If you notice that you have stopped doing things that matter to you, take some time to reflect on the things you enjoy doing. Make a list. Look at your calendar. Reach out to a friend for a walk. This can be a shift that starts you into a more regular routine. You may not be ready to do everything on your list, but you can start with just one thing. Here are some additional things you may find particularly helpful:
PARENT/CAREGIVER EDUCATION GROUPS
Educate yourself. The more you understand about this illness and learn about the developing brain and addiction, the better equipped you will be to manage.
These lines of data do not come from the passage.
Lemma psd_sqrt_unitary_conj n (U A : 'M[C]_n) : unitary U -> psd A ->
  psd_sqrt (U *m A *m adjmx U) = U *m psd_sqrt A *m adjmx U.
Proof.
move=> /mulmx1C UU /psd_sqrtP [sA_psd sAsA].
set sA := psd_sqrt A in sA_psd sAsA *.
suff -> : U *m A *m adjmx U = (U *m sA *m adjmx U) *m (U *m sA *m adjmx U).
  by rewrite psd_sqrtE //; apply: psd_conj.
by rewrite -sAsA !mulmxA -(mulmxA _ (adjmx U) U) UU mulmx1.
Qed.

End SquareRootCovariance.

Lemma mxtrace_mul_delta (R : pzRingType) p (A : 'M[R]_p) i j :
  \tr (A *m delta_mx j i) = A i j.
Proof.
rewrite /mxtrace (bigD1 i) //= big1 ?addr0 => [|k /negbTE ki].
  rewrite mxE (bigD1 j) //= big1 ?addr0 => [|l /negbTE lj].
    by rewrite mxE !eqxx mulr1.
  by rewrite mxE lj mulr0.
by rewrite mxE big1 // => l _; rewrite mxE ki andbF mulr0.
Qed.

Section PetzRecovery.
Variable R : realType.
Local Notation C := R[i].
Variables n m : nat.
Implicit Types (U : 'M[C]_(n * m)).

Lemma hs_adjoint_channel U (beta : 'M[C]_m) (Y : 'M[C]_n) :
  hs_adjoint (channel U beta) Y =
  ptraceB ((1%:M *t beta) *m (adjmx U *m (Y *t 1%:M) *m U)).
Proof.
apply/matrixP => i j; rewrite mxE /channel mxtrace_ptraceB.
rewrite -mxtrace_mul_delta mxtrace_ptraceB.
have -> : delta_mx j i *t beta = (delta_mx j i *t 1%:M) *m (1%:M *t beta).
  by rewrite tensmx_mul mulmx1 mul1mx.
by rewrite -!mulmxA mxtrace_mulC !mulmxA [RHS]mxtrace_mulC !mulmxA.
Qed.

Section SquareRootIntertwining.
Variables (U : 'M[C]_(n * m)) (a a' : 'M[C]_n) (b b' : 'M[C]_m).
Hypothesis U_unitary : unitary U.
Hypothesis conj_sqrt : U *m (a *t b) *m adjmx U = a' *t b'.

Let adjmx_mul_unitary : adjmx U *m U = 1%:M. Proof. exact: mulmx1C. Qed.

Lemma mulmx_unitary_sqrt : U *m (a *t b) = (a' *t b') *m U.
Proof. by rewrite -conj_sqrt -[RHS]mulmxA adjmx_mul_unitary mulmx1. Qed.
Lemma expsum_ratioD F G :
  expsum_ratio F -> expsum_ratio G -> expsum_ratio (F \+ G).
Proof.
move=> [N1 [D1 [N10 D10 FE]]] [N2 [D2 [N20 D20 GE]]].
exists (exps_mul N1 D2 ++ exps_mul N2 D1), (exps_mul D1 D2).
split; [by case: (exps_mul N1 D2) (exps_mul_neq0 N10 D20) | exact: exps_mul_neq0 |].
move=> x; rewrite /= FE GE expsum_cat !expsum_mul.
have := expsum_gt0 x D10; have := expsum_gt0 x D20.
by move=> /lt0r_neq0 ? /lt0r_neq0 ?; field; apply/andP.
Qed.

Lemma expsum_ratioM F G :
  expsum_ratio F -> expsum_ratio G -> expsum_ratio (F \* G).
Proof.
move=> [N1 [D1 [N10 D10 FE]]] [N2 [D2 [N20 D20 GE]]].
exists (exps_mul N1 N2), (exps_mul D1 D2).
split; [exact: exps_mul_neq0 | exact: exps_mul_neq0 |].
by move=> x; rewrite /= FE GE !expsum_mul mulf_div.
Qed.

Lemma expsum_ratioV F : expsum_ratio F -> expsum_ratio (fun x => (F x)^-1).
Proof.
by move=> [N [D [N0 D0 FE]]]; exists D, N; split=> // x; rewrite FE invf_div.
Qed.

Lemma expsum_ratio_expsum s : s != [::] -> expsum_ratio (expsum s).
Proof.
move=> s0; exists s, [:: (0, 0)]; split=> // x.
by rewrite expsum_const rmorph0 mulr0 expR0 divr1.
Qed.

Lemma expsum_ratio_sum (A : Type) (cs : seq A) G (F : A -> 'rV[R]_n -> R) :
  expsum_ratio G -> (forall a, expsum_ratio (F a)) ->
  expsum_ratio (fun x => G x + \sum_(a <- cs) F a x).
Proof.
move=> RG RF; elim: cs => [|a cs IH].
  by apply: eq_expsum_ratio RG => x; rewrite big_nil addr0.
apply: eq_expsum_ratio (expsum_ratioD IH (RF a)) => x.
by rewrite /= big_cons addrCA addrC.
Qed.

Lemma DLSE_rat_expsum_ratio F :
  expsum_ratio F -> DLSE_rat P^-1 (fun x => - (P^-1 * ln (F x))).
Proof.
move=> [N [D [N0 D0 FE]]].
have [K1 [a1 [b1 E1]]] := LSE_rat_expsum D0.
have [K2 [a2 [b2 E2]]] := LSE_rat_expsum N0.
exists K1, K2, a1, b1, a2, b2 => x; rewrite E1 E2 FE.
rewrite lnM ?posrE ?invr_gt0 ?expsum_gt0 // lnV ?posrE ?expsum_gt0 //; ring.
Qed.

End ExponentialSums.

Lemma expR_normr_le_cosh (R : realType) (c : R) : expR `|c| <= expR c + expR (- c).
Proof.
by have := expR_gt0 c; have := expR_gt0 (- c); case: (ler0P c) => _ h1 h2; lra.
Qed.

Lemma cosh_le_expR_normr (R : realType) (c : R) : expR c + expR (- c) <= 2 * expR `|c|.
Proof.
have : expR (- `|c|) <= expR `|c| by rewrite ler_expR; have := normr_ge0 c; lra.
by case: (ler0P c) => _; rewrite ?opprK => h; lra.
Qed.

Section Cones.
Variables (R : realType) (n : nat) (P : R).
Hypothesis P_ge0 : 0 <= P.

Definition cone_exps (d : 'rV[rat]_n) (L : rat) : seq ('rV[rat]_n * rat) :=
  (0, 0) :: [seq (L *: delta_mx 0 j, - (L * d ord0 j)) | j <- enum 'I_n]
         ++ [seq (- L *: delta_mx 0 j, L * d ord0 j) | j <- enum 'I_n].

Lemma dotrV_delta j c (x : 'rV[R]_n) :
  dotrV (map_mx (@ratr R) (c *: delta_mx 0 j)) x = ratr c * x ord0 j.
Proof.
rewrite /dotrV (bigD1 j) //= big1 ?addr0 => [|i ij]; first by rewrite !mxE !eqxx mulr1.
by rewrite !mxE (negbTE ij) mulr0 rmorph0 mul0r.
Qed.

Lemma expsum_cone d L x : expsum P (cone_exps d L) x =
  1 + \sum_j (expR (P * (ratr L * (x ord0 j - ratr (d ord0 j)))) +
              expR (- (P * (ratr L * (x ord0 j - ratr (d ord0 j)))))).
Proof.
rewrite /expsum big_cons map_mx0 dotrV0l rmorph0 addr0 mulr0 expR0; congr (_ + _).
rewrite big_cat !big_map -enumT !big_enum big_split /=; congr (_ + _);
  by apply: eq_bigr => j _; rewrite dotrV_delta ?rmorphN ?rmorphM; congr expR; ring.
Qed.

Lemma expsum_cone_ge1 d L x : 1 <= expsum P (cone_exps d L) x.
Proof.
by rewrite expsum_cone lerDl; apply: sumr_ge0 => j _; rewrite addr_ge0 // ltW ?expR_gt0.
Qed.

Lemma normr_cone_exponent (d : 'rV[rat]_n) (L : rat) (x : 'rV[R]_n) j : 0 <= L ->
  `|P * (ratr L * (x ord0 j - ratr (d ord0 j)))| =
  P * (ratr L * `|x ord0 j - ratr (d ord0 j)|) :> R.
Proof. by move=> L0; rewrite normrM (ger0_norm P_ge0) normrM (ger0_norm (x := ratr L)) ?ler0q. Qed.

Lemma expsum_cone_ge (d : 'rV[rat]_n) (L : rat) (x : 'rV[R]_n) j : 0 <= L ->
  expR (P * (ratr L * `|x ord0 j - ratr (d ord0 j)|)) <= expsum P (cone_exps d L) x.
Proof.
move=> L0; rewrite expsum_cone (bigD1 j) //= -normr_cone_exponent //.
apply: le_trans (expR_normr_le_cosh _) _; rewrite addrCA lerDl addr_ge0 //.
by apply: sumr_ge0 => i _; rewrite addr_ge0 // ltW ?expR_gt0.
Qed.

Lemma expsum_cone_le (d : 'rV[rat]_n) (L : rat) (x : 'rV[R]_n) (s : R) :
  0 <= L -> 0 <= s -> (forall j, `|x ord0 j - ratr (d ord0 j)| <= s) ->
  expsum P (cone_exps d L) x <= (2 * n + 1)%:R * expR (P * (ratr L * s)).
Proof.
move=> L0 s0 xs; set E := expR (P * (ratr L * s)).
have E_ge1 : 1 <= E by rewrite -expR0 ler_expR mulr_ge0 // mulr_ge0 // ler0q.
have term_le j : expR (P * (ratr L * (x ord0 j - ratr (d ord0 j)))) +
    expR (- (P * (ratr L * (x ord0 j - ratr (d ord0 j))))) <= 2 * E.
  apply: le_trans (cosh_le_expR_normr _) _.
  by rewrite normr_cone_exponent // ler_pM2l // ler_expR ler_wpM2l // ler_wpM2l ?ler0q.
rewrite expsum_cone; apply: le_trans (lerD E_ge1 (ler_sum _ (fun j _ => term_le j))) _.
by rewrite sumr_const card_ord natrD natrM -[_ *+ n]mulr_natr; lra.
Qed.

End Cones.

Lemma ball_rowP (R : realType) (n : nat) (c y : 'rV[R]_n) (e : R) : 0 < e ->
  ball c e y <-> forall j, `|c ord0 j - y ord0 j| < e.
Proof.
move=> e0; split=> [[_ cy] j | cy]; first exact: cy.
by split=> // i j; rewrite (ord1 i); apply: cy.
Qed.

Lemma exists_ratr_near (R : realType) (x e : R) : 0 < e -> exists q : rat, `|x - ratr q| < e.
Proof.
move=> e0; have [q] := @rat_in_itvoo R (x - e) (x + e) ltac:(lra).
by rewrite in_itv /= => /andP[? ?]; exists q; rewrite ltr_norml; apply/andP; split; lra.
Qed.

Lemma exists_rat_row_ball (R : realType) (n : nat) (c : 'rV[R]_n) (e : R) : 0 < e ->
  exists g : 'rV[rat]_n, ball c e (map_mx ratr g).
Proof.
move=> e0; have [g cg] := choice (fun j : 'I_n => exists_ratr_near (c ord0 j) e0).
by exists (\row_j g j); apply/ball_rowP => // j; rewrite !mxE.
Qed.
Parenting groups that offer education can provide insight into the teenage developing brain and the effects substances can have, and they can offer new ways to approach, communicate, and stay connected to your young person.
PARENT/CAREGIVER SUPPORT GROUPS
It is an opportunity to find other parents who can hear and relate to what you are going through. Many parents find it harder to relate to friends and relatives whose experiences with their children are very different. It is also important to find a group you feel comfortable with. Often you can learn from parents whose struggles are more or less challenging experiences than your own. You may form friendships with them too.
It is important to find a support group that works for you. If your young person has a severe substance use disorder, you may feel alienated in certain support groups where other families’ problems seem relatively minor in comparison. In contrast, you may be shocked to hear the problems of others if your young person does not have a substance use disorder, or if you are not quite ready to accept the reality of what is happening. It is normal to change support groups throughout your journey.
We encourage you to talk to the group facilitator about the kinds of situations that the parents in the group are dealing with before you attend, so you can find the best fit for you.
There are several agencies that offer individual or family counselling. Being able to communicate one-on-one with someone and talk about your own personal experience can be very helpful. A good counselling experience can validate the intensity of your experience and offer helpful skills, strategies, and direction.
KEEPING A JOURNAL
Keeping a personal journal can be a good way to see change and progress over time. Some things in your journal might include:
- Count the gems: tracking small wins
- Vent: describe those days when things are not going well
- Be the observer: practice being observant and describe the details of what you are seeing. Practice being objective to give yourself a break from the emotion of the situation
- Make a list of ways to care for yourself
- Make a list of things you can control and things you cannot
- Set small goals and celebrate each achievement
REACHING OUT IN YOUR COMMUNITY
If you are feeling overwhelmed and exhausted, it can be more difficult to take care of yourself and your loved one(s). Slow down, rest, and when you are ready, reach out to others who can understand and validate your journey. Reaching out and communicating with your young person’s school staff, local police, or social workers can sometimes be helpful.
Be brave and reach out. Every challenging moment is a learning opportunity.
Set flexible boundaries with your young person and accept that they will change. Sometimes you may find yourself needing to set firm boundaries. Sometimes you may feel like the passive parent. It can be scary but try it anyway. Get to know your limits and be kind to yourself in the process. You are doing your best.
They have a journey and so do we. Do your own work. Your young person does not want to see you suffering because of them.